Carsales.com (ASX:CAR) – UNDERWEIGHT, $27.50 target price (vs $31.50 current price)

“Trading at 20.5x FY25 EBITDA, we think the market is now applying an overly optimistic multiple,” explained Jarden.

“We forecast group revenue of $512m and EBITDA of $274m. This represents growth on a reported basis of +54% for each, respectively, as a result of the impact of acquisitions in North America and Brazil.

“Carsales is a high quality business with a proven track record of leveraging its domestic capabilities via acquisitions in other geographies.

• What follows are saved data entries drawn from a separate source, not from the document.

Lemma list_sum_map_le {A} (f g : A -> nat) (l : list A) :
  (forall x, In x l -> (f x <= g x)%nat) -> (list_sum (map f l) <= list_sum (map g l))%nat.
Proof.
  induction l as [|x l IH]; simpl; intros H; [lia|].
  specialize (IH (fun y Hy => H y (or_intror Hy))). specialize (H x (or_introl eq_refl)). lia.
Qed.

Lemma list_sum_map_const {A} (c : nat) (l : list A) :
  list_sum (map (fun _ => c) l) = (c * length l)%nat.
Proof. induction l as [|x l IH]; simpl; lia. Qed.

Lemma NoDup_covered_length {A} (X : list A) (n : nat) (c : nat -> nat) (P : nat -> A -> Prop) :
  NoDup X -> (forall x, In x X -> exists i, (i < n)%nat /\ P i x) ->
  (forall i, (i < n)%nat ->
     exists B, (length B <= c i)%nat /\ forall x, In x X -> P i x -> In x B) ->
  (length X <= list_sum (map c (seq 0 n)))%nat.
Proof.
  intros HX Hc HB.
  destruct (finite_choice n _ [] HB) as [Bf HBf].
  eapply Nat.le_trans; [apply (NoDup_incl_length HX (l' := flat_map Bf (seq 0 n)))|].
  - intros x Hx. destruct (Hc x Hx) as [i [Hi HP]]. apply in_flat_map. exists i.
    split; [apply in_seq; lia|]. apply (proj2 (HBf i Hi)); auto.
  - rewrite length_flat_map. apply list_sum_map_le. intros i Hi.
    apply in_seq in Hi. apply HBf. lia.
Qed.

(** * Covering numbers and the dimension profile *)

Definition ncubes (al : nat -> bool) (k : nat) : R := INR (nwords al 0 k).

Lemma ncubes_ge_1 al k : 1 <= ncubes al k.
Proof. apply (le_INR 1), nwords_pos. Qed.

Lemma nwords_le_cover al k n (U : nat -> pt -> Prop) :
  (forall i, (i < n)%nat -> diam_le (U i) (/ 5 ^ k)) ->
  (forall p, Kalpha al p -> exists i, (i < n)%nat /\ U i p) ->
  (nwords al 0 k <= 125 * n)%nat.
Proof.
  intros HU Hc. rewrite <- length_words.
  replace (125 * n)%nat with (list_sum (map (fun _ => 125%nat) (seq 0 n)))
    by (rewrite list_sum_map_const, length_seq; reflexivity).
  apply (NoDup_covered_length _ n _ (fun i s => exists q, U i q /\ cube s q)).
  - apply NoDup_words.
  - intros s Hs. pose proof Hs as [Hv Hl]%In_words.
    pose proof (extend_path al s Hv) as He.
    destruct (Hc _ (Kalpha_point al _ He)) as [i [Hi Ui]]. exists i. split; [exact Hi|].
    exists (point (extend al s)). split; [exact Ui|].
    pose proof (cube_prefix_point al _ k He) as H.
    rewrite prefix_extend, firstn_all2 in H by lia. exact H.
  - intros i Hi. apply (cubes_meeting_small_set al 0 k (U i) (HU i Hi)).
Qed.

Lemma nth_words_diam al k i : (i < nwords al 0 k)%nat ->
  diam_le (cube (nth i (words al 0 k) [])) (2 / 5 ^ k).
Proof.
  intros Hi. rewrite <- length_words in Hi.
  pose proof (nth_In _ [] Hi) as [_ Hl]%In_words.
  pose proof (cube_diam (nth i (words al 0 k) [])) as Hd. rewrite Hl in Hd. exact Hd.
Qed.

Lemma Kalpha_covered_by_words al k : (1 <= k)%nat -> forall p, Kalpha al p ->
  exists i, (i < nwords al 0 k)%nat /\ cube (nth i (words al 0 k) []) p.
Proof.
  intros Hk p Hp. apply Kalpha_iff with (k := k) in Hp; [|exact Hk].
  destruct Hp as [s [Hs Hq]]. destruct (In_nth _ _ [] Hs) as [i [Hi Ei]].
  exists i. rewrite length_words in Hi. split; [exact Hi|]. rewrite Ei. exact Hq.
Qed.

Lemma covnum_bounds al k j delta : (1 <= j)%nat -> 0 < delta <= / 5 ^ k -> 2 / 5 ^ j <= delta ->
  exists c, covnum delta (Kalpha al) = Finite c /\ ncubes al k / 125 <= c <= ncubes al j.
Proof.
  intros Hj Hd Hj2. unfold covnum.
  match goal with |- context [Glb_Rbar ?E] =>
    destruct (Glb_Rbar_correct E) as [Hlb Hglb]; set (g := Glb_Rbar E) in * end.
  assert (Hup : Rbar_le g (ncubes al j)).
  { apply Hlb. exists (nwords al 0 j). split; [reflexivity|].
    exists (fun i => cube (nth i (words al 0 j) [])). split.
    - intros i Hi P Q HP HQ.
      eapply Rle_trans; [apply (nth_words_diam al j i Hi P Q HP HQ)|exact Hj2].
    - apply Kalpha_covered_by_words, Hj. }
  assert (Hlow : Rbar_le (ncubes al k / 125) g).
  { apply Hglb. intros x [n [-> [U [HU Hc]]]].
    assert (Hn : (nwords al 0 k <= 125 * n)%nat).
    { apply (nwords_le_cover al k n U); [|exact Hc].
      intros i Hi P Q HP HQ. eapply Rle_trans; [apply (HU i Hi P Q HP HQ)|]. lra. }
    apply le_INR in Hn. rewrite mult_INR in Hn. simpl. unfold ncubes.
    replace (INR 125) with 125 in Hn by (simpl; lra). lra. }
  destruct g as [c| |]; simpl in Hup, Hlow; try contradiction.
  exists c. split; [reflexivity|lra].
Qed.

Definition dim_profile (al : nat -> bool) (k : nat) : R :=
  lambda_m al k * log5 13 + (1 - lambda_m al k) * log5 44.

Lemma nzeros_le al k : (nzeros al k <= k)%nat.
Proof. induction k; simpl; [lia|]. destruct (al k); lia. Qed.

Lemma nwords_formula al k : nwords al 0 k = (13 ^ nzeros al k * 44 ^ (k - nzeros al k))%nat.
Proof.
  induction k as [|k IH]; [reflexivity|].
  replace (nwords al 0 (S k)) with (nwords al 0 k * nwords al k 1)%nat
    by (pose proof (nwords_add al k 0 1) as H; rewrite Nat.add_1_r in H; exact (eq_sym H)).
  rewrite IH. simpl nwords. simpl nzeros.
  rewrite length_digits. pose proof (nzeros_le al k).
  destruct (al k).
  - rewrite Nat.add_0_r. replace (S k - nzeros al k)%nat with (S (k - nzeros al k)) by lia.
    rewrite Nat.pow_succ_r'. ring.
  - replace (S k - (nzeros al k + 1))%nat with (k - nzeros al k)%nat by lia.
    rewrite Nat.pow_add_r, Nat.pow_1_r. ring.
Qed.

Lemma ln5_pos : 0 < ln 5.
Proof. rewrite <- ln_1. apply ln_increasing; lra. Qed.

Lemma ln_ncubes al k : ln (ncubes al k) = dim_profile al k * (INR k * ln 5).
Proof.
  unfold ncubes, dim_profile, lambda_m, log5. rewrite nwords_formula, mult_INR, !pow_INR.
  pose proof (nzeros_le al k). pose proof ln5_pos.
  replace (INR 13) with 13 by (simpl; lra). replace (INR 44) with 44 by (simpl; lra).
  rewrite ln_mult by (apply pow_lt; lra). rewrite !ln_pow by lra. rewrite minus_INR by lia.
  destruct k as [|k]; [simpl; ring|].
  assert (0 < INR (S k)) by (apply lt_0_INR; lia). field. lra.
Qed.

Lemma lambda_m_bounds al k : 0 <= lambda_m al k <= 1.
Proof.
  unfold lambda_m. pose proof (nzeros_le al k) as Hz. apply le_INR in Hz.
  pose proof (pos_INR (nzeros al k)). destruct k as [|k].
  - simpl. unfold Rdiv. rewrite Rinv_0. lra.
  - assert (0 < INR (S k)) by (apply lt_0_INR; lia). split.
    + apply Rdiv_le_0_compat; lra.
    + apply (Rmult_le_reg_r (INR (S k))); [lra|]. unfold Rdiv. rewrite Rmult_assoc, Rinv_l; lra.
Qed.

Lemma log5_bounds : 1 < log5 13 < log5 44.
Proof.
  unfold log5. pose proof ln5_pos. split.
  - apply (Rmult_lt_reg_r (ln 5)); [lra|]. unfold Rdiv.
    rewrite Rmult_assoc, Rinv_l, Rmult_1_r, Rmult_1_l by lra. apply ln_increasing; lra.
  - apply Rmult_lt_compat_r; [apply Rinv_0_lt_compat; lra|]. apply ln_increasing; lra.
Qed.

Lemma dim_profile_bounds al k : log5 13 <= dim_profile al k <= log5 44.
Proof.
  unfold dim_profile. pose proof (lambda_m_bounds al k). pose proof log5_bounds. nra.
Qed.

Lemma nwords_le_pow al k : forall m, (nwords al m k <= 44 ^ k)%nat.
Proof.
  induction k as [|k IH]; intros m; simpl; [lia|].
  pose proof (length_digits_bounds (al m)). specialize (IH (S m)). nia.
Qed.

Lemma ratio_close x D L a p P E : 0 < L <= D -> D <= L + a -> 0 <= p <= P ->
  Rabs (x - p * L) <= E -> Rabs (x / D - p) <= (E + P * a) / L.
Proof.
  intros [HL HLD] HDa Hp Hx.
  replace (x / D - p) with ((x - p * L - p * (D - L)) / D) by (field; lra).
  unfold Rdiv. rewrite Rabs_mult, Rabs_inv, (Rabs_pos_eq D) by lra.
  apply Rabs_le_between in Hx.
  assert (Hnum : Rabs (x - p * L - p * (D - L)) <= E + P * a).
  { apply Rabs_le. assert (0 <= p * (D - L) <= P * a) by (split; nra). split; nra. }
  apply Rmult_le_compat; [apply Rabs_pos|left; apply Rinv_0_lt_compat; lra|exact Hnum|].
  apply Rinv_le_contravar; lra.
Qed.

Definition in_level (k : nat) (delta : R) : Prop := / 5 ^ S k < delta <= / 5 ^ k.

Lemma ln_in_level k delta : in_level k delta ->
  INR k * ln 5 <= - ln delta <= INR k * ln 5 + ln 5.
Proof.
  intros [H1 H2]. pose proof (pow5_pos k). pose proof (pow5_pos (S k)).
  assert (Hpos : 0 < / 5 ^ S k) by (apply Rinv_0_lt_compat; lra).
  pose proof (ln_increasing _ _ Hpos H1) as L1. pose proof (ln_le delta _ ltac:(lra) H2) as L2.
  rewrite ln_Rinv, ln_pow, S_INR in L1 by lra. rewrite ln_Rinv, ln_pow in L2 by lra. lra.
Qed.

“In Australia, while this business is relatively mature, we still see scope for its Dealer and Private businesses to grow at a mid-high SD CAGR on a 3-5 year view.

“In the US, CAR has and will continue to leverage its experience in other markets to successfully grow this business; we factor a 12%/14% 3-year revenue/EBITDA CAGR to FY26 as our base case.

“In addition, we expect CAR to benefit from leveraging favourable structural dynamics with its expertise in Brazil, as well as continued growth in Korea.

“However, while we believe that CAR has deserved a re-rating versus 12 months ago, we believe the market has gone from not pricing in execution in the US, to factoring a bullish scenario.

“We therefore do not see a favourable risk-reward for investors at current levels and, as a result, we have an Underweight rating and $27.50 12-month target price.

“Key risks include competition, given CAR’s dominant market position in most markets in which it operates; and execution risk in the USA and Brazil,” said Jarden.

 

Share prices today:

 

 

 

The views, information, or opinions expressed in the interview in this article are solely those of Jarden, and do not represent the views of Stockhead.

Stockhead has not provided, endorsed or otherwise assumed responsibility for any financial product advice contained in this article.